21 May 2011

A Feast for Crows

I'll be writing about book four in a series, so be warned I'm going to spoil books one though three.

Pretty sure my eyes bugged out at the end of A Storm of Swords (there's an Epilogue that blows your mind in the second to last paragraph).  Some swearing occured, too, mostly along the lines of "Fuck!"  And then I went and downloaded A Feast for Crows right away so I could keep on reading.

So...Jon is now Lord Commander of the Night's Watch, Arya is roaming about the countryside with Sandor Clegane, Joffrey's dead because he was poisoned in a scheme so complicated it makes my head spin, Tyrion was tried for it - and lost his trial by battle - then Jaime decided to free him only Tyrion killed Lord Tywin while sneaking out of King's Landing with Varys, and Sansa was spirited off to the Vale by Littlefinger wherein he shoved Lysa out the Moon Door.

Shit gets real (after a Prologue that seems to make no sense until the end of the book). 

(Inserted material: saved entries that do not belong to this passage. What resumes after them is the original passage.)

Lemma esum_itv_left_approx (a : R -> R) s e : 0 < s -> 0 < e ->
  (forall r, 0 <= r -> 0 <= a r) ->
  exists2 r1, r1 < s & forall r, r1 < r -> r <= s ->
    fine (\esum_(x in `[0, s[) (a x)%:E) - fine (\esum_(x in `[0, r[) (a x)%:E) <= e.
Proof.
move=> s0 e0 a0; pose J t := \esum_(x in `[0, t[) (a x)%:E.
change (exists2 r1, r1 < s &
  forall r, r1 < r -> r <= s -> fine (J s) - fine (J r) <= e).
have J0 t : (0 <= J t)%E.
  by apply: esum_ge0 => x /=; rewrite in_itv/= lee_fin => /andP[/a0].
have [Jsf|Jsi] := boolP (J s \is a fin_num); last first.
  (* fine +oo = 0, so the bound is trivial when the sum diverges *)
  exists 0 => // r _ _; have -> : J s = +oo%E.
    by move: Jsi (J0 s); rewrite fin_numE negb_and !negbK => /orP[/eqP->|/eqP->].
  by rewrite /= sub0r (le_trans _ (ltW e0))// oppr_le0 fine_ge0.
have /ereal_sup_gt[_ [X [fX XI] <-] HX] : ((fine (J s) - e)%:E < J s)%E.
  by rewrite -(fineK Jsf) lte_fin ltrBlDr ltrDl.
have [r1 r1s Hr1] := finite_set_itv_ub fX XI s0.
exists r1 => // r r1r rs.
have HXr : (\sum_(i \in X) (a i)%:E <= J r)%E.
  apply: esum_ge; exists X => //; split => // x Xx /=; rewrite in_itv/=.
  have := XI _ Xx; rewrite /= in_itv/= => /andP[-> _] /=.
  exact: le_lt_trans (Hr1 _ Xx) r1r.
have Jrs : (J r <= J s)%E.
  apply: le_esum_subset => x /=; rewrite !in_itv/= => /andP[-> xr] /=.
  exact: lt_le_trans xr rs.
have Jrf : J r \is a fin_num by rewrite ge0_fin_numE// (le_lt_trans Jrs)// ltey_eq Jsf.
move: (lt_le_trans HX HXr); rewrite -(fineK Jrf) lte_fin.
by rewrite ltrBlDr -ltrBlDl => /ltW.
Qed.

End MeasureFacts.

Section StieltjesNull.
Context {R : realType}.
Variables (phi g : R -> R) (F : cumulative R R).
Hypotheses (nd_phi : nondecr0 phi) (F_phi : forall t, 0 <= t -> F t = rc_part phi t)
  (g_ge0 : forall s, 0 <= s -> 0 <= g s)
  (int_g0 : (\int[lebesgue_stieltjes_measure F]_(s in (`[0%R, +oo[ : set R)) (g s)%:E = 0)%E).

Lemma phi_rcE t : 0 <= t ->
  phi t = F t + fine (\esum_(s in `[0, t[) (Dplus phi s)%:E).
Proof. by move=> t0; rewrite F_phi// rc_partE subrK. Qed.

Lemma stieltjes_null_where_g_pos (A : set R) m :
  measurable A -> A `<=` `[0, +oo[ -> 0 < m -> (forall s, A s -> m <= g s) ->
  lebesgue_stieltjes_measure F A = 0%E.
Proof.
move=> mA A0 m0 Ag; apply/eqP; rewrite eq_le measure_ge0 andbT.
rewrite -(@pmule_rle0 _ m%:E) ?lte_fin// -int_g0.
have mD : measurable (`[0%R, +oo[ : set R) by exact: measurable_itv.
apply: (@mul_measure_le_integral _ _ _ (lebesgue_stieltjes_measure F) _ A g m mD) => //.
  exact: ltW.
by move=> s /=; rewrite in_itv/= andbT => /g_ge0.
Qed.

Lemma phi_flat (w : R -> R) p q m :
  (forall t, 0 <= t -> \esum_(s in `[0, t]) (w s * Dplus phi s)%:E = 0%E) ->
  0 <= p -> p <= q -> 0 < m ->
  (forall s, p < s -> s <= q -> m <= g s) -> (forall s, p <= s -> s < q -> 0 < w s) ->
  phi q = phi p.
Proof.
move=> wD0 p0 pq m0 gm wpos; have q0 := le_trans p0 pq.
have Fqp : F q = F p.
  have : lebesgue_stieltjes_measure F `]p, q] = 0%E.
    apply: (stieltjes_null_where_g_pos (measurable_itv _) _ m0).
    - by move=> s /=; rewrite !in_itv/= andbT => /andP[/ltW/(le_trans p0)].
    - by move=> s /=; rewrite in_itv/= => /andP[]; exact: gm.
  by rewrite lebesgue_stieltjes_measure_itv_oc// => -[/subr0_eq].
have Dphi0 s : p <= s -> s < q -> Dplus phi s = 0.
  move=> ps sq; have s0 := le_trans p0 ps.
  exact: (Dplus_eq0 nd_phi s0 (wpos s ps sq) (wD0 s s0)).
rewrite !phi_rcE// Fqp; congr (_ + fine _).
rewrite esum_mkcond [RHS]esum_mkcond; apply: eq_esum => s _.
rewrite !mem_setE !in_itv/=; case: (ltP s p) => [sp|ps]; first by rewrite (lt_le_trans sp pq).
by case: (ltP s q) => sq; rewrite ?andbF// andbT; case: ifP => // _; rewrite Dphi0.
Qed.

Lemma phi_left_approx s e : 0 < s -> 0 < g s -> 0 < e ->
  exists2 r0, r0 < s & forall r, r0 < r -> r <= s -> 0 <= r -> phi s - phi r <= e.
Proof.
move=> s0 gs e0; have e20 : 0 < e / 2 by rewrite divr_gt0.
have mu_s : lebesgue_stieltjes_measure F [set s] = 0%E.
  apply: (stieltjes_null_where_g_pos (measurable_set1 s) _ gs) => [x /= ->|x -> //].
  by rewrite in_itv/= (ltW s0).
have [r0 r0s HF] := cumulative_left_approx mu_s e20.
have [r1 r1s HJ] := esum_itv_left_approx s0 e20 (fun r r0 => Dplus_ge0 nd_phi r0).
exists (Num.max r0 r1) => [|r]; first by rewrite gt_max r0s.
rewrite gt_max => /andP[r0r r1r] rs r_ge0.
rewrite !phi_rcE ?(ltW s0)// opprD addrACA (splitr e) lerD//; last exact: HJ.
exact: HF.
Qed.

End StieltjesNull.

Section RightLimits.
Context {R : realType}.
Implicit Types (f g : R -> R) (s t : R).

Lemma regulated_cvg_at_right f s : regulated f -> 0 <= s -> cvg (f x @[x --> s^'+]).
Proof. by move=> [_ +] s0; apply. Qed.

Lemma near_at_right_itv (P : R -> Prop) t T : t < T ->
  (forall r, t < r -> r < T -> P r) -> \forall r \near t^'+, P r.
Proof.
move=> tT HP; near=> r; apply: HP; first by near: r; exact: nbhs_right_gt.
by near: r; exact: nbhs_right_lt.
Unshelve. all: by end_near. Qed.

Lemma rlimB_ge f g s B : cvg (f x @[x --> s^'+]) -> cvg (g x @[x --> s^'+]) ->
  (\forall r \near s^'+, B <= f r - g r) -> B <= rlim f s - rlim g s.
Proof. by move=> cf cg fgB; rewrite /rlim -limB//; apply: limr_ge => //; exact: is_cvgB. Qed.

Lemma rlimB_le f g s B : cvg (f x @[x --> s^'+]) -> cvg (g x @[x --> s^'+]) ->
  (\forall r \near s^'+, f r - g r <= B) -> rlim f s - rlim g s <= B.
Proof. by move=> cf cg fgB; rewrite /rlim -limB//; apply: limr_le => //; exact: is_cvgB. Qed.
(* Suppose $E,F\subset\mathcal{T}$ are disjoint stopping times with $F\succ E$. Then: (1) There is a function $h$ on $\mathcal{T}$, admissible for $Cap_{\mathcal{T}}(E,F)$, with $Cap_{\mathcal{T}}(E,F)=\|h\|_{\ell^2}^2$. Put $H=Ih$. (2) $H$ is harmonic on $\mathcal{T}\setminus(E\cup F)$. (3) If $S$ is any stopping time in $\mathcal{T}$, then $\sum_{\kappa\in S}|h(\kappa)|\le2\,Cap_{\mathcal{T}}(E,F)$. (4) $h$ is positive on $\mathcal{G}(E,F)$ and zero elsewhere.
   Context: Tree. $\mathcal{T}$ is the rooted dyadic tree with root $o$ (vertices are the dyadic arcs of the unit circle, each vertex $x$ having two children $x_+,x_-$ and, if $x\ne o$, a parent $x^{-1}$). Write $y\le x$ if $x$ lies in the subtree rooted at $y$, and $y<x$ if moreover $y\ne x$. $[o,x]=\{y:y\le x\}$ and $S(x)=\{y:y\ge x\}$. A stopping time is a set of pairwise incomparable vertices. For stopping times $E,F$, write $F\succ E$ if every $x\in F$ has some $y\in E$ with $y<x$. $\mathcal{G}(E,F)$ is the union of all geodesics $[y,x]=\{z:y\le z\le x\}$ with $x\in F$ and $y\in E$, $y<x$. Capacity. For $f:\mathcal{T}\to\mathbb{R}$ put $If(x)=\sum_{y\in[o,x]}f(y)$. The condenser capacity is $Cap_{\mathcal{T}}(E,F)=\inf\{\|f\|^2_{\ell^2(\mathcal{T})}:If\ge1\text{ on }F,\ \operatorname{supp}f\subset\bigcup_{e\in E}S(e)\}$. Functions satisfying these two constraints are called admissible. Harmonicity. For $\Omega\subset\mathcal{T}$, a vertex $x$ is interior to $\Omega$ if $x,x^{-1},x_+,x_-\in\Omega$. A function $H$ is harmonic in $\Omega$ if $H(x)=\frac13[H(x^{-1})+H(x_+)+H(x_-)]$ for every interior point $x$ of $\Omega$. *)

From HB Require Import structures.
From mathcomp Require Import all_boot all_order all_algebra.
From mathcomp Require Import all_classical all_reals.
From mathcomp Require Import ereal esum.
Set Implicit Arguments. Unset Strict Implicit. Unset Printing Implicit Defensive.
Import Order.TTheory GRing.Theory Num.Theory.
Local Open Scope classical_set_scope.
Local Open Scope ring_scope.

(* The rooted dyadic tree: a vertex is the sequence of left/right choices
   from the root, MOST RECENT CHOICE FIRST. *)
Definition vtx := seq bool.
Definition root : vtx := [::].
Definition child_p (x : vtx) : vtx := true :: x.
Definition child_m (x : vtx) : vtx := false :: x.
Definition parent (x : vtx) : vtx := behead x.

(* y <= x : x lies in the subtree rooted at y (y is an ancestor-or-self of x) *)
Definition tle (y x : vtx) : bool := suffix y x.
Definition tlt (y x : vtx) : bool := tle y x && (y != x).

Definition stopping_time (S : set vtx) : Prop :=
  forall x y, S x -> S y -> x != y -> ~~ tle x y /\ ~~ tle y x.

Definition succ_st (F E : set vtx) : Prop :=
  forall x, F x -> exists y, E y /\ tlt y x.

Definition geod_union (E F : set vtx) : set vtx :=
  [set z | exists x y, [/\ F x, E y, tlt y x, tle y z & tle z x]].

(* If(x) = sum over y in [o,x] of f y; the ancestors of x are the drop i x *)
Definition Iop {R : realType} (f : vtx -> R) (x : vtx) : R :=
  \sum_(i < (size x).+1) f (drop i x).

Definition l2norm2 {R : realType} (f : vtx -> R) : \bar R :=
  \esum_(x in [set: vtx]) ((f x ^+ 2)%:E).

Definition admissible {R : realType} (E F : set vtx) (f : vtx -> R) : Prop :=
  (forall x, F x -> 1 <= Iop f x) /\
  (forall x, f x != 0 -> exists e, E e /\ tle e x).

Definition Cap {R : realType} (E F : set vtx) : \bar R :=
  ereal_inf [set l2norm2 f | f in [set f : vtx -> R | admissible E F f]].

Definition interior_pt (Om : set vtx) (x : vtx) : Prop :=
  x != root /\ Om x /\ Om (parent x) /\ Om (child_p x) /\ Om (child_m x).

Definition harmonic_in {R : realType} (Om : set vtx) (H : vtx -> R) : Prop :=
  forall x, interior_pt Om x ->
    H x = (H (parent x) + H (child_p x) + H (child_m x)) / 3.

(* When Cap(E,F) is finite it is attained: by the parallelogram law a
   minimizing sequence is pointwise Cauchy, and its pointwise limit h is the
   unique minimizer.  Each property of h comes from a competitor that cannot
   have smaller energy: |h| and the truncation of Ih at 1 give h >= 0 and
   Ih <= 1; shifting mass between the three edges at x gives Kirchhoff's law
   h(x) = h(x_+) + h(x_-), i.e. the harmonicity of Ih; cutting off the subtree
   at a vertex outside G(E,F) shows that h vanishes there; (1+t)h - t 1_S
   bounds the flow through a stopping time S by the energy; and Kirchhoff's
   law together with Ih = 1 on F excludes zeros of h on G(E,F).
   When Cap(E,F) = +oo every admissible function has infinite energy, and the
   minimizers of the finite problems Cap({e}, F \cap S(e)), e in E, glue into
   an h with all the other properties. *)

From HB Require Import structures.
From mathcomp Require Import all_boot all_order all_algebra.
From mathcomp Require Import all_classical all_reals.
From mathcomp Require Import ereal esum topology normedtype.
From mathcomp Require Import ring lra.
Import Order.TTheory GRing.Theory Num.Theory.
Import numFieldNormedType.Exports.
Local Open Scope classical_set_scope.
Local Open Scope ring_scope.
Set Implicit Arguments. Unset Strict Implicit. Unset Printing Implicit Defensive.

Lemma tle_refl x : tle x x. Proof. exact: suffix_refl. Qed.

Lemma tle_trans y x z : tle x y -> tle y z -> tle x z.
Proof. exact: suffix_trans. Qed.

Lemma tle_drop i x : tle (drop i x) x. Proof. exact: suffix_drop. Qed.

Lemma size_tle x y : tle x y -> (size x <= size y)%N. Proof. exact: size_suffix. Qed.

Everybody and their brother gets POV chapters in AFoC - the first chapter is from the POV of the "The Prophet" aka Damphair aka Aeron Greyjoy, the second "The Captain of Guards" aka Hotah, the Prince Doran's axe-wielding bodyguard (but we get to meet some of Prince Oberyn's daughters and they are a nasty bunch), and in chapter three we finally get a chapter from someone we know.  And it turns out to be Cersei, of all people, and let me tell you that is one unsympathetic character.  Didn't like her to start with, I like her even less by the end of the book.  Other new POV chapters come from Brienne, "The Kraken's Daughter" aka Asha Greyjoy, "The Soiled Knight" (which is a really interesting chapter, due to the turn of events in it), "The Iron Captain", "The Drowned Man", "The Queenmaker", etc. 

I'm not sure why GRRM switched from exclusively proper-named chapters to using more descriptive titles.  With character names as chapter titles, signalling the POV of the chapter, it gave no hint as to the tone of the chapter but something like "The Kraken's Daughter" indicates Asha's stance that she feels she is Balon Greyjoy's heir and should succeed her father on Pyke.  Sharp readers will figure out what's going on in those chapters ahead of time.  Maybe that's the point.

Now, here's the irritating thing about this book: it's only half a book.  GRRM split the narrative into two but he didn't do it chronologially.  He did it geographically.  Say what?  So AFoC follows Arya on Braavos, Samwell (with Maester Aemon and Gilly) on his way around Westeros to Oldtown, Cersei's shennanigans in King's Landing, Jaime trying to win a war without actually fighting one, Brienne (and Pod) looking everywhere for Sansa, Sansa in the Vale, characters in Dorne we've never met before, and the Greyjoys as they do whatever Greyjoys so (which seems to be raping and pillaging).  We don't hear from Jon, Daenerys, Tyrion, Stannis, Davos, &etc., which is worrying because there's a reference to Davos and it doesn't bode well at all.  Their stories will all be in the next book, due out in July, which will run concurrent and then a little past this one as far as chronology.  WTF.  I have to wait until after book five to see what happens to Sansa and Cersei (and I really hope Cersei gets it, too).

*Audiobook slightly disappointing - no Roy Dotrice (sad face).  The narrator was John Lee.  He did a credible job but I missed some of Dotrice's particular voices (although with no Tyrion I did not have to listen to a different Tyrion) but John Lee sounds exactly like Christopher Lee.  Seriously.  I have Wiki'd and Googled and IMDB'd Christopher Lee and he seems to have no sons, only one daughter.  I am strangely disappointed.

1 comment:

  1. Anonymous4:13 AM

    I'm sure you know this by now, but they have rereleased A Feast For Crows audiobook as read by Roy Dotrice. It's infinitely better than John Lee's monotonous and lifeless reading style.